(* Let $m$ be an even integer $\ge4$ and $l\ge m/2$. For any $u_1,\ldots,u_m\in V$, $$(\pi\otimes1_V^{\otimes m-4}\otimes\pi)(1_V^{\otimes m}\otimes C^{\otimes l})|u_1u_2\cdots u_m\omega_0^l| = (\pi\otimes1_V^{\otimes m-4}\otimes\pi)\Big((2g)^lu_1\cdots u_m+\big(l-\tfrac m2\big)(-1)^l\Phi_1(u)+(-1)^l\Phi_2(u)\Big),$$ where $\Phi_1(u)=(-1)^{\frac m2-1}\mathrm{Cont}(u_2\cdots u_{m-1})\,u_m\omega_0^{\frac m2-1}u_1$ and $$\Phi_2(u)=\sum_{\substack{1\le k\le m-1\\ k\text{ odd}}}(-1)^{\frac{k-1}2}\Big(\mathrm{Cont}(u_{m-k+1}\cdots u_{m-1})\,u_m\omega_0^{\frac{k-1}2}u_1u_2\cdots u_{m-k}+\mathrm{Cont}(u_2\cdots u_k)\,u_{k+1}\cdots u_m\omega_0^{\frac{k-1}2}u_1\Big).$$
   Context: $\mathbb{K}$ is a field of characteristic zero and $V$ a symplectic $\mathbb{K}$-vector space of dimension $2g$ with symplectic basis $a_1,\ldots,a_g,b_1,\ldots,b_g$; $\omega_0=\sum_i(a_i\otimes b_i-b_i\otimes a_i)\in V^{\otimes 2}$. $C\colon V^{\otimes2}\to\mathbb{K}$ is bilinear with $C(a_i\otimes b_j)=\delta_{ij}$, $C(b_i\otimes a_j)=-\delta_{ij}$, $C(a_i\otimes a_j)=C(b_i\otimes b_j)=0$ (so $C(\omega_0)=2g$); $Q=\ker C$ and $\pi\colon V^{\otimes2}\to Q$ is the projection along $V^{\otimes2}=Q\oplus\mathbb{K}\omega_0$. Products are taken in the tensor algebra $T(V)$. Here $|\cdot|$ is the cyclic symmetrization $|x_1\cdots x_N|=\sum_{k=0}^{N-1}\nu^k(x_1\cdots x_N)$ for $x_i\in V$, with $\nu(x_1x_2\cdots x_N)=x_2\cdots x_Nx_1$. $C^{\otimes l}$ is applied to the last $2l$ tensor factors in consecutive pairs. For $v_1,\ldots,v_{2r}\in V$, $\mathrm{Cont}(v_1\cdots v_{2r})=C(v_1\otimes v_2)\cdots C(v_{2r-1}\otimes v_{2r})$ (equal to $1$ for $r=0$). *)

From mathcomp Require Import all_boot all_order all_algebra.
Set Implicit Arguments. Unset Strict Implicit. Unset Printing Implicit Defensive.
Import Order.TTheory GRing.Theory Num.Theory.
Local Open Scope ring_scope.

- - -

» About this exercise
Copy each line of the listing that carries the string "mathrm".

» Result for this exercise
(* Let $m$ be an even integer $\ge4$ and $l\ge m/2$. For any $u_1,\ldots,u_m\in V$, $$(\pi\otimes1_V^{\otimes m-4}\otimes\pi)(1_V^{\otimes m}\otimes C^{\otimes l})|u_1u_2\cdots u_m\omega_0^l| = (\pi\otimes1_V^{\otimes m-4}\otimes\pi)\Big((2g)^lu_1\cdots u_m+\big(l-\tfrac m2\big)(-1)^l\Phi_1(u)+(-1)^l\Phi_2(u)\Big),$$ where $\Phi_1(u)=(-1)^{\frac m2-1}\mathrm{Cont}(u_2\cdots u_{m-1})\,u_m\omega_0^{\frac m2-1}u_1$ and $$\Phi_2(u)=\sum_{\substack{1\le k\le m-1\\ k\text{ odd}}}(-1)^{\frac{k-1}2}\Big(\mathrm{Cont}(u_{m-k+1}\cdots u_{m-1})\,u_m\omega_0^{\frac{k-1}2}u_1u_2\cdots u_{m-k}+\mathrm{Cont}(u_2\cdots u_k)\,u_{k+1}\cdots u_m\omega_0^{\frac{k-1}2}u_1\Big).$$
   Context: $\mathbb{K}$ is a field of characteristic zero and $V$ a symplectic $\mathbb{K}$-vector space of dimension $2g$ with symplectic basis $a_1,\ldots,a_g,b_1,\ldots,b_g$; $\omega_0=\sum_i(a_i\otimes b_i-b_i\otimes a_i)\in V^{\otimes 2}$. $C\colon V^{\otimes2}\to\mathbb{K}$ is bilinear with $C(a_i\otimes b_j)=\delta_{ij}$, $C(b_i\otimes a_j)=-\delta_{ij}$, $C(a_i\otimes a_j)=C(b_i\otimes b_j)=0$ (so $C(\omega_0)=2g$); $Q=\ker C$ and $\pi\colon V^{\otimes2}\to Q$ is the projection along $V^{\otimes2}=Q\oplus\mathbb{K}\omega_0$. Products are taken in the tensor algebra $T(V)$. Here $|\cdot|$ is the cyclic symmetrization $|x_1\cdots x_N|=\sum_{k=0}^{N-1}\nu^k(x_1\cdots x_N)$ for $x_i\in V$, with $\nu(x_1x_2\cdots x_N)=x_2\cdots x_Nx_1$. $C^{\otimes l}$ is applied to the last $2l$ tensor factors in consecutive pairs. For $v_1,\ldots,v_{2r}\in V$, $\mathrm{Cont}(v_1\cdots v_{2r})=C(v_1\otimes v_2)\cdots C(v_{2r-1}\otimes v_{2r})$ (equal to $1$ for $r=0$). *)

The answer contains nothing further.